Large Scale Smart Weapons Design Challenge Winners Are Afraid To Go Out Publicly


Design challenges are common in Silicon Valley. Tackling burning political issues is not.

Some recipients of a high profile contest for “smart gun” designs refuse to allow themselves to be announced publicly, The edge learned, fearing a backlash from gun rights activists.

A smart pistol is a computer-enhanced weapon that authenticates users before allowing them to fire. Smart weapons can rely on biometric data such as a fingerprint, voice print, or the unique way the user grips the weapon. They may also require a password or the proximity of another device, such as a bracelet.

Proponents say the implementation of this technology will reduce gun violence, especially one that involves children getting their hands on their parents’ guns.

The Smart Tech Challenges Foundation, a Silicon Valley-based organization created in 2013 to fund smart weapons research, announced its $ 1 million competition in January. “We need the gun iPhone,” Silicon Valley investor Ron Conway, who supports the challenge, said at the time. Conway supported gun control reform after the Sandy Hook Elementary School massacre, supporting a number of anti-gun violence initiatives and encouraging other members of the tech community to do the same.

No smart weapon has been sold in the United States

The Foundation received more than 200 nominations and, by June, it had selected 15 laureates. But so far only one winner has been announced: Kai Kloepfer, 17, who has designed a fingerprint scanner that fits over a pistol grip and requires user authentication in order to shoot. Kloepfer received $ 50,000, which was announced yesterday.

Other winners will be announced, according to the Foundation, but some have requested that their names not be released due to the controversy surrounding the issue.

“All of the grantees have been selected, but as you can imagine they are to varying degrees comfortable with public exposure,” said a representative from the Smart Tech Foundation. The edge. “Some have requested to remain almost anonymous due to the negative backlash they may face. We will therefore be announcing recipients on an ongoing basis in an effort to protect some innovators and highlight others.”

The reaction to Kloepfer’s invention has been positive so far, but the debate over smart weapons has been heated in the recent past.

Gun enthusiasts say smart guns will fail when you need them

In May, a Maryland gun store announced that it would start stocking the Armatix iP1, which only fires if it is within 10 inches of its iW1 companion watch (presumably on the owner’s wrist) . It can also be deactivated with a timer or a PIN code.

The backlash was immediate. The owner has received a flood of complaints, angry rants, calls to boycott his shop and even two death threats. Within 24 hours, he announced that the store would no longer stock the smart gun.

Gun enthusiasts fear that the government will require guns to be equipped with this type of technology, which they say infringes on their rights. Smart weapons introduce an element that could fail when you need it most, opponents say, and they can encourage states to collect biometric data on all gun owners. “Gun enthusiasts would resist this technology until it was cold and indiscreet to handguns,” the blog writes. The truth about guns.

Some gun control advocates also oppose the smart gun

Functional smart weapons already exist, but none have yet been sold in the United States, largely due to pressure from gun advocates. One of the problems is a strict New Jersey gun law signed in 2002, known as the Childproof Handgun Law, which states that all guns sold in New Jersey must be approved smart guns. State within three years of selling a smart weapon anywhere in the country. If Raymond had sold an Armatix iP1 to a customer, that would have triggered the clause.

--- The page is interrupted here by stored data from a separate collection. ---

Lemma loewner_ge_scalar_definite v (A : 'M[R]_v) c x :
  0 < c -> loewner_ge A c%:M -> qform A x = 0 -> x = 0.
Proof.
move=> c0 /loewner_ge_scalarP /(_ x) + Ax0; rewrite Ax0 pmulr_rle0// => x0.
by apply: mulmx_trmx_self_eq0; apply/eqP; rewrite eq_le x0 mulmx_trmx_self_ge0.
Qed.

Lemma qform_mx_integral v (a b : R) (G : R -> 'M[R]_v) x :
  (forall j k, mu.-integrable `[a, b] (EFin \o (fun t => G t j k))) ->
  qform (mx_integral a b G) x = \int[mu]_(t in `[a, b]) qform (G t) x.
Proof.
move=> Gi; under eq_Rintegral do rewrite qformE.
rewrite qformE Rintegral_sum// => [|j]; last first.
  by apply: integrableR_sum => // k; exact: integrableRZl.
apply: eq_bigr => j _; rewrite Rintegral_sum// => [|k]; last exact: integrableRZl.
by apply: eq_bigr => k _; rewrite mxE RintegralZl.
Qed.

Lemma bounded_measurable_entry u v (phi : R -> 'M[R]_(u, v)) (a b : R) j k :
  bounded_sig phi -> loc_integrable phi -> 0 <= a ->
  bounded_measurable `[a, b] (fun t => phi t j k).
Proof.
move=> [M phiM] phii a0; split.
  by case/integrableP: (phii a b a0 j k) => /measurable_EFinP.
by exists M => t; rewrite /= in_itv/= => /andP[ta _]; apply: phiM; exact: le_trans ta.
Qed.

Section Gram.
Variables (m v n : nat) (A : 'I_n -> R -> 'M[R]_(m, v)) (a b : R).
Hypothesis A_bm : forall i r j, bounded_measurable `[a, b] (fun t => A i t r j).
Local Notation G := (fun t => gram (fun i => A i t)).

Lemma bounded_measurable_mulmx_entry i w (x : 'M[R]_(v, w)) r k :
  bounded_measurable `[a, b] (fun t => (A i t *m x) r k).
Proof.
have -> : (fun t => (A i t *m x) r k) = fun t => \sum_l A i t r l * x l k.
  by apply/funext => t; rewrite mxE.
apply: bounded_measurable_sum => // l.
by apply: bounded_measurableM => //; exact: bounded_measurable_cst.
Qed.

Lemma bounded_measurable_gram_entry j k :
  bounded_measurable `[a, b] (fun t => G t j k).
Proof.
have -> : (fun t => G t j k) = fun t => \sum_i \sum_r A i t r j * A i t r k.
  apply/funext => t; rewrite summxE; apply: eq_bigr => i _.
  by rewrite mxE; apply: eq_bigr => r _; rewrite mxE.
apply: bounded_measurable_sum => // i; apply: bounded_measurable_sum => // r.
exact: bounded_measurableM.
Qed.

Lemma bounded_measurable_sum_sqr_mulmx (x : 'cV[R]_v) :
  bounded_measurable `[a, b] (fun t => \sum_i \sum_r (A i t *m x) r 0 ^+ 2).
Proof.
apply: bounded_measurable_sum => // i; apply: bounded_measurable_sum => // r.
exact: bounded_measurableM (bounded_measurable_mulmx_entry _ _ _ _)
  (bounded_measurable_mulmx_entry _ _ _ _).
Qed.

Lemma qform_integral_gram (x : 'cV[R]_v) : qform (mx_integral a b G) x =
  \int[mu]_(t in `[a, b]) \sum_i \sum_r (A i t *m x) r 0 ^+ 2.
Proof.
rewrite qform_mx_integral => [|j k]; last first.
  exact/bounded_measurable_integrable/bounded_measurable_gram_entry.
by apply: eq_Rintegral => t _; rewrite qform_gram.
Qed.

Lemma qform_integral_gram_ge0 (x : 'cV[R]_v) : 0 <= qform (mx_integral a b G) x.
Proof.
rewrite qform_integral_gram; apply: Rintegral_ge0 => t _.
by apply: sumr_ge0 => i _; apply: sumr_ge0 => r _; exact: sqr_ge0.
Qed.

Lemma trmx_integral_gram : (mx_integral a b G)^T = mx_integral a b G.
Proof.
apply/matrixP => j k; rewrite !mxE; apply: eq_Rintegral => t _.
by rewrite -[in RHS]trmx_gram mxE.
Qed.

Lemma qform_integral_gram_eq0P (x : 'cV[R]_v) : qform (mx_integral a b G) x = 0 <->
  forall i r, {ae mu, forall t, `[a, b]%classic t -> (A i t *m x) r 0 = 0}.
Proof.
have [mF _] := bounded_measurable_sum_sqr_mulmx x.
have sq0 t i : 0 <= \sum_r (A i t *m x) r 0 ^+ 2.
  by apply: sumr_ge0 => r _; exact: sqr_ge0.
rewrite qform_integral_gram; split=> [F0 i r | Ax0].
  have : {ae mu, forall t, `[a, b]%classic t ->
      \sum_i \sum_r (A i t *m x) r 0 ^+ 2 = 0}.
    apply: ae_eq0_Rintegral_ge0 F0 => // [|t _].
      exact/bounded_measurable_integrable/bounded_measurable_sum_sqr_mulmx.
    by apply: sumr_ge0 => i0 _; exact: sq0.
  apply: filterS => t + tab => /(_ tab) F0t.
  have Ai0 := psumr_eq0P (fun i _ => sq0 t i) F0t (i := i) isT.
  have /eqP := psumr_eq0P (fun r _ => sqr_ge0 _) Ai0 (i := r) isT.
  by rewrite sqrf_eq0 => /eqP.
apply: Rintegral_ae_eq0 => //.
have : {ae mu, forall t, forall i r, `[a, b]%classic t -> (A i t *m x) r 0 = 0}.
  by apply: filter_forall => i; apply: filter_forall => r; exact: Ax0.
apply: filterS => t Ax0t tab.
by apply: big1 => i _; apply: big1 => r _; rewrite Ax0t// expr0n.
Qed.

End Gram.
End IntegralGram.

Section FilteredGram.
Context {R : realType}.
Local Notation mu := (@lebesgue_measure R).
Variables (beta : R) (u v n : nat) (Y YF : 'I_n -> R -> 'M[R]_(u, v)).
Hypotheses (YF_filtered : forall i, filtered beta (Y i) (YF i))
  (Y_integrable : forall i, loc_integrable (Y i)).

Lemma filtered_bounded i : 0 < beta -> bounded_sig (Y i) -> bounded_sig (YF i).
Proof.
move=> beta0 [M YM]; exists (M / beta) => t t0 j k.
have YFij := filtered_entry (YF_filtered i) (Y_integrable i) j k.
by apply: (filter_solution_norm_le beta0 YFij) => // s s0; exact: YM.
Qed.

Some gun control advocates are also opposed to the smart gun. Smart weapons would prevent only a tiny fraction of violent incidents, according to the Violence Policy Center. Also, there are so many dumb guns that it would be impossible for the smart gun to replace all of them.

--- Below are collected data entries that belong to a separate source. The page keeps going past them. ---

(* Fix a real parameter $k$. Let $G$ be a topology that is weakly consistent (with respect to $k$) and physically connected. Then $G$ is weakly connected, i.e., for any two nodes $u,v$ of $G$ there is a directed path from $u$ to $v$ consisting only of links that are active or unclassified.
   Context: A topology is a finite directed graph $G=(V,E)$ whose links $e\in E$ carry a real weight $w(e)$ and a state $s(e)\in\{\mathrm{active},\mathrm{inactive},\mathrm{unclassified}\}$; a link is classified if it is active or inactive. A path is a finite sequence of links in which the target of each link is the source of the next. $G$ is physically connected if between any two nodes there is a directed path of links in arbitrary state. $G$ is structurally consistent if it has no loops and no parallel links (two distinct links with the same source and target). For a link $ab$ from $a$ to $b$, a triangle for $ab$ is a node $c\notin\{a,b\}$ with classified links $ac$ and $cb$ such that $w(ab)>\max(w(ac),w(cb))$ and $w(ab)\ge k\cdot\min(w(ac),w(cb))$. Inactive-link constraint: every inactive link has a triangle. Active-link constraint: no active link has a triangle. $G$ is weakly consistent if it is structurally consistent and fulfills both the active-link and inactive-link constraints. *)

From HB Require Import structures.
From mathcomp Require Import all_boot all_order all_algebra.
From mathcomp Require Import reals.
Set Implicit Arguments. Unset Strict Implicit. Unset Printing Implicit Defensive.
Import Order.TTheory GRing.Theory Num.Theory.
Local Open Scope ring_scope.

Inductive state := Active | Inactive | Unclassified.

Definition classified (s : state) : Prop := s = Active \/ s = Inactive.

(* A topology: finite node set V, finite link set E (links are first-class,
   so parallel links and loops are representable), source/target maps,
   real weights and states. *)
Record topology (R : realType) := Topology {
  node : finType;
  link : finType;
  src : link -> node;
  tgt : link -> node;
  weight : link -> R;
  lstate : link -> state }.

Section Defs.
Variable R : realType.
Variable G : topology R.

Fixpoint walk (u v : node G) (p : seq (link G)) : Prop :=
  match p with
  | [::] => u = v
  | e :: p' => src e = u /\ walk (tgt e) v p'
  end.

Definition physically_connected : Prop :=
  forall u v : node G, exists p, walk u v p.

Definition weakly_connected : Prop :=
  forall u v : node G, exists p, walk u v p /\
    (forall e, e \in p -> lstate e = Active \/ lstate e = Unclassified).

Definition structurally_consistent : Prop :=
  (forall e : link G, src e <> tgt e) /\
  (forall e f : link G, e <> f -> src e = src f -> tgt e = tgt f -> False).

Definition has_triangle (k : R) (ab : link G) : Prop :=
  exists (c : node G) (ac cb : link G),
    c <> src ab /\ c <> tgt ab /\
    src ac = src ab /\ tgt ac = c /\ src cb = c /\ tgt cb = tgt ab /\
    classified (lstate ac) /\ classified (lstate cb) /\
    Num.max (weight ac) (weight cb) < weight ab /\
    k * Num.min (weight ac) (weight cb) <= weight ab.

Definition inactive_link_constraint (k : R) : Prop :=
  forall e : link G, lstate e = Inactive -> has_triangle k e.

Definition active_link_constraint (k : R) : Prop :=
  forall e : link G, lstate e = Active -> ~ has_triangle k e.

Definition weakly_consistent (k : R) : Prop :=
  structurally_consistent /\ active_link_constraint k /\ inactive_link_constraint k.
End Defs.

(* An inactive link ab has a triangle whose two links ac, cb are strictly
   lighter than ab.  By well-founded induction on the weight, every link can
   therefore be replaced by a path of active or unclassified links between its
   endpoints; doing so link by link turns a physical path into a weak one. *)
From mathcomp Require Import all_boot all_order all_algebra.
From mathcomp Require Import reals.
Import Order.TTheory GRing.Theory Num.Theory.
Set Implicit Arguments. Unset Strict Implicit.
Local Open Scope ring_scope.

Section WeakWalks.
Variable R : realType.
Variable G : topology R.

Lemma walk_cat (u v w : node G) (p q : seq (link G)) :
  walk u v p -> walk v w q -> walk u w (p ++ q).
Proof.
elim: p u => [|e p IHp] u /=; first by move=> ->.
by move=> [src_e walk_p] walk_q; split => //; apply: IHp.
Qed.

Definition weak_walk (u v : node G) (p : seq (link G)) : Prop :=
  walk u v p /\ forall e, e \in p -> lstate e = Active \/ lstate e = Unclassified.

Lemma weak_walk_cat (u v w : node G) (p q : seq (link G)) :
  weak_walk u v p -> weak_walk v w q -> weak_walk u w (p ++ q).
Proof.
move=> [walk_p weak_p] [walk_q weak_q]; split; first exact: walk_cat walk_q.
by move=> e; rewrite mem_cat => /orP[/weak_p | /weak_q].
Qed.

Lemma weak_walk_link (e : link G) :
  lstate e <> Inactive -> weak_walk (src e) (tgt e) [:: e].
Proof.
move=> not_inactive; split => //= f; rewrite inE => /eqP ->.
by case: (lstate e) not_inactive; [left | | right].
Qed.

Definition lighter_links (e : link G) : {pred link G} :=
  [pred f | weight f < weight e].

Lemma card_lighter_links_lt (e f : link G) :
  weight f < weight e -> (#|lighter_links f| < #|lighter_links e|)%N.
Proof.
move=> lt_fe; apply/proper_card/properP; split.
  by apply/subsetP => x; rewrite !inE => /lt_trans; apply.
by exists f; rewrite !inE ?lt_fe ?ltxx.
Qed.

Lemma link_weak_bypass (k : R) : inactive_link_constraint G k ->
  forall e : link G, exists p, weak_walk (src e) (tgt e) p.
Proof.
move=> inactive_triangle e; have [n] := ubnP #|lighter_links e|.
elim: n e => // n IHn e /ltnSE lighter_e.
case state_e: (lstate e);
  try by exists [:: e]; apply: weak_walk_link; rewrite state_e.
have [c [ac [cb [_ [_ [src_ac [tgt_ac [src_cb [tgt_cb [_ [_ [heavy _]]]]]]]]]]]]
  := inactive_triangle e state_e.
have [lt_ac lt_cb] : weight ac < weight e /\ weight cb < weight e.
  by move: heavy; rewrite gt_max => /andP[].
have [p weak_p] := IHn ac (leq_trans (card_lighter_links_lt lt_ac) lighter_e).
have [q weak_q] := IHn cb (leq_trans (card_lighter_links_lt lt_cb) lighter_e).
exists (p ++ q); rewrite -src_ac -tgt_cb.
by apply: weak_walk_cat weak_p _; rewrite tgt_ac -src_cb.
Qed.

Lemma walk_weakened (u v : node G) (p : seq (link G)) :
  (forall e : link G, exists q, weak_walk (src e) (tgt e) q) ->
  walk u v p -> exists q, weak_walk u v q.
Proof.
move=> bypass; elim: p u => [|e p IHp] u /=; first by move=> ->; exists [::].
move=> [<- walk_p]; have [q weak_q] := bypass e; have [r weak_r] := IHp _ walk_p.
by exists (q ++ r); apply: weak_walk_cat weak_r.
Qed.

End WeakWalks.

Theorem theorem3 (R : realType) (k : R) (G : topology R) :
  weakly_consistent G k -> physically_connected G -> weakly_connected G.
Proof.
move=> [_ [_ inactive_triangle]] connected u v.
have [p walk_p] := connected u v.
exact: walk_weakened (link_weak_bypass inactive_triangle) walk_p.
Qed.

The merits of the smart gun – and consumer demand for it – may be limited, but the vitriol around the issue has grown excessive. Belinda Padilla, Marketing Manager at Armatix is regularly harassed by gun rights advocates and has recently been lying low because of threats. In other words, the winners of the Smart Weapons Challenge are probably right to fear harassment.

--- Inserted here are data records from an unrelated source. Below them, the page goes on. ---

Lemma Z3_orbit_partition (x c : 'I_3) : c != 0 ->
  ((x == 0)%R + (x == - c)%R + (x == - c - c)%R = 1)%N.
Proof. by case: x => [[|[|[|//]]] ?]; case: c => [[|[|[|//]]] ?]. Qed.

(* Bumping [t j0] shifts the form by [c j0], so its three level sets have the same size. *)
Lemma card_kernel_Z3 m (c : 'I_m -> 'I_3) j0 : c j0 != 0 ->
  (3 * \sum_(t : {ffun 'I_m -> 'I_3}) (\sum_j t j * c j == 0)%R = 3 ^ m)%N.
Proof.
move=> c_nz; pose S (t : {ffun 'I_m -> 'I_3}) := \sum_j t j * c j.
pose N v := (\sum_t (S t == v) : nat)%N.
pose bump (t : {ffun 'I_m -> 'I_3}) := [ffun j => t j + (j == j0)%:R].
have S_bump t : S (bump t) = S t + c j0.
  rewrite /S (bigD1 j0) //= [in RHS](bigD1 j0) //= ffunE eqxx mulrDl mul1r.
  rewrite -!addrA [c j0 + _]addrC; congr (_ + (_ + _)); apply: eq_bigr => j /negbTE nj.
  by rewrite ffunE nj addr0.
have bump_inj : injective bump.
  by move=> t t' /ffunP tt'; apply/ffunP => j; have := tt' j; rewrite !ffunE => /addIr.
have N_bump v : N v = N (v - c j0).
  rewrite /N (reindex_inj bump_inj); apply: eq_bigr => t _.
  by rewrite S_bump -(inj_eq (addIr (c j0)) (S t)) subrK.
have -> : (3 * N 0%R = N 0%R + N (0 - c j0)%R + N (0 - c j0 - c j0)%R)%N.
  by rewrite -!N_bump !mulSn mul0n addn0 addnA.
rewrite sub0r /N -!big_split /= (eq_bigr (fun=> 1%N)) => [|t _].
  by rewrite sum1_card card_ffun !card_ord.
exact: Z3_orbit_partition.
Qed.

Section UniformImage.
Variables (T U : finType) (f : T -> U).

Definition uniform_image : {ffun U -> RR} :=
  [ffun u => \sum_t (f t == u)%:R / #|T|%:R].

Lemma uniform_image_expect (P : U -> RR) :
  \sum_u uniform_image u * P u = (\sum_t P (f t)) / #|T|%:R.
Proof.
under eq_bigr do rewrite ffunE mulr_suml.
rewrite exchange_big mulr_suml; apply: eq_bigr => t _.
rewrite (bigD1 (f t)) //= eqxx big1 ?addr0; first by rewrite mul1r mulrC.
by move=> u /negbTE nu; rewrite eq_sym nu !mul0r.
Qed.

Lemma uniform_image_distr : (0 < #|T|)%N ->
  (forall u, 0 <= uniform_image u) /\ \sum_u uniform_image u = 1.
Proof.
move=> T_gt0; split=> [u|].
  by rewrite ffunE; apply: sumr_ge0 => t _; rewrite divr_ge0 ?ler0n.
under eq_bigr do rewrite -[uniform_image _]mulr1.
by rewrite uniform_image_expect sumr_const -mulr_natr mul1r divff // pnatr_eq0 -lt0n.
Qed.
End UniformImage.

Definition twin_advice_seq n (t : {ffun 'I_n./2 -> 'I_3}) : seq 'I_3 :=
  codom t ++ nseq (odd n) 0 ++ map -%R (codom t).

Lemma size_twin_advice_seq n (t : {ffun 'I_n./2 -> 'I_3}) :
  size (twin_advice_seq t) == n.
Proof.
rewrite !size_cat size_nseq size_codom size_map size_codom card_ord.
by rewrite -{4}(odd_double_half n) -addnn; apply/eqP; lia.
Qed.

Definition twin_advice n (t : {ffun 'I_n./2 -> 'I_3}) : n.-tuple 'I_3 :=
  Tuple (size_twin_advice_seq t).

Definition twin_advice_distr n := uniform_image (@twin_advice n).

Lemma exists_nth_neq (a b : seq bool) m : size a = m -> size b = m -> a != b ->
  exists j : 'I_m, nth false a j != nth false b j.
Proof.
move=> am bm /eqP nab.
have [/existsP //|/existsPn nth_eq] := boolP [exists j : 'I_m, nth false a j != nth false b j].
case: nab; apply: (@eq_from_nth _ false) => [|j]; first by rewrite am bm.
by rewrite am => jm; apply/eqP; exact: negbNE (nth_eq (Ordinal jm)).
Qed.

Section TwinAdvice.
Variable x : seq bool.
Local Notation n := (size x).
Local Notation m := (size x)./2.
Local Notation coeff j :=
  ((nth false (take m x) j)%:R - (nth false (drop (n - m) x) j)%:R : 'I_3).

Lemma half_le : (m <= n)%N.
Proof. by rewrite -{2}(odd_double_half n) -addnn; lia. Qed.

Lemma weight_twin_advice (t : {ffun 'I_m -> 'I_3}) :
  weight (track2 x (twin_advice t)) = \sum_(j < m) t j * coeff j.
Proof.
have n_eq : n = (m + odd n + m)%N by rewrite -{1}(odd_double_half n) -addnn; lia.
rewrite /track2 /= /twin_advice_seq -{1}(cat_take_drop m x).
rewrite -(cat_take_drop (odd n) (drop m x)) drop_drop.
have -> : (odd n + m = n - m)%N by lia.
have := half_le => m_le.
rewrite !weight_zip_cat ?size_takel ?size_codom ?card_ord ?size_nseq ?size_drop //; try lia.
rewrite weight_zip_nseq0 weight_zip_opp !weight_zip_codom ?size_takel ?size_drop //; try lia.
by rewrite add0r -sumrB; apply: eq_bigr => j _; rewrite mulrBr !mulr_natr.
Qed.

Lemma weight_twin_advice_Leq (t : {ffun 'I_m -> 'I_3}) :
  Leq x -> weight (track2 x (twin_advice t)) = 0.
Proof.
move=> /eqP halves; rewrite weight_twin_advice big1 // => j _.
by rewrite halves subrr mulr0.
Qed.

Lemma weight_twin_advice_notLeq : ~~ Leq x ->
  (3 * \sum_(t : {ffun 'I_m -> 'I_3}) (weight (track2 x (twin_advice t)) == 0)%R = 3 ^ m)%N.
Proof.
move=> halves; have [j0 neq_j0] : exists j0 : 'I_m,
    nth false (take m x) j0 != nth false (drop (n - m) x) j0.
  have := half_le => m_le.
  by apply: exists_nth_neq halves; rewrite ?size_takel ?size_drop ?subKn.
pose c (j : 'I_m) := coeff j.
have c_nz : c j0 != 0 by move: neq_j0; rewrite /c; do 2 case: nth.
rewrite -(card_kernel_Z3 c_nz); congr (3 * _)%N.
by apply: eq_bigr => t _; rewrite weight_twin_advice.
Qed.
End TwinAdvice.

Lemma Leq_in_1QFA_Rn : in_1QFA_Rn Leq.
Proof.
exists ('I_3 : finType), weight_qfa, (1 / 3), twin_advice_distr.
have card_T n : #|{ffun 'I_n./2 -> 'I_3}| = (3 ^ n./2)%N by rewrite card_ffun !card_ord.
have T_gt0 n : (0 : RR) < (3 ^ n./2)%N%:R by rewrite ltr0n expn_gt0.
split=> [||||x]; first exact: weight_qfa_wf; try lra.
  by move=> n; apply: uniform_image_distr; rewrite card_T expn_gt0.
rewrite uniform_image_expect card_T; under eq_bigr do rewrite weight_qfa_out.
have [Lx|nLx] := boolP (Leq x).
  under eq_bigr do rewrite weight_twin_advice_Leq // !eqxx.
  by rewrite sumr_const card_T divff ?gt_eqF //; lra.
have := weight_twin_advice_notLeq nLx => /(congr1 (GRing.natmul (1 : RR))).
rewrite natrM; set N : RR := (\sum_t _)%:R => kernel.
have N_gt0 : 0 < N by have := T_gt0 (size x); rewrite -kernel; lra.
rewrite (eq_bigr (fun t => 1 - (weight (track2 x (twin_advice t)) == 0)%:R)); last first.
  by move=> t _; case: (weight _ == 0); rewrite ?subrr ?subr0.
rewrite sumrB sumr_const card_T -natr_sum -/N -kernel.
by rewrite [X in _ <= X](_ : _ = 1 - 1 / 3) //; field; rewrite gt_eqF.
Qed.

Theorem corollary5p3 :
  exists (S : finType) (L : pred (seq S)), ~ (in_1QFA_n L <-> in_1QFA_Rn L).
Proof.
exists bool, Leq => -[_ Rn_to_n].
exact: Leq_notin_1QFA_n (Rn_to_n Leq_in_1QFA_Rn).
Qed.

UPDATE: After posting, the Smart Tech Challenges Foundation has contacted the Verge to state their intention to announce all of the contest winners. His statement is below.

The Smart Tech Challenges Foundation was delighted today to help shine the spotlight on 17-year-old Kai Kloepfer, the first of many featured innovators to be publicly recognized for his innovation in gun safety. We are proud to support our beneficiaries as they make progress in improving the reliability of their technologies. We look forward to bringing these innovators to you, both in the media and on our website at, throughout the duration of the Smart Tech for Firearms Challenge and beyond.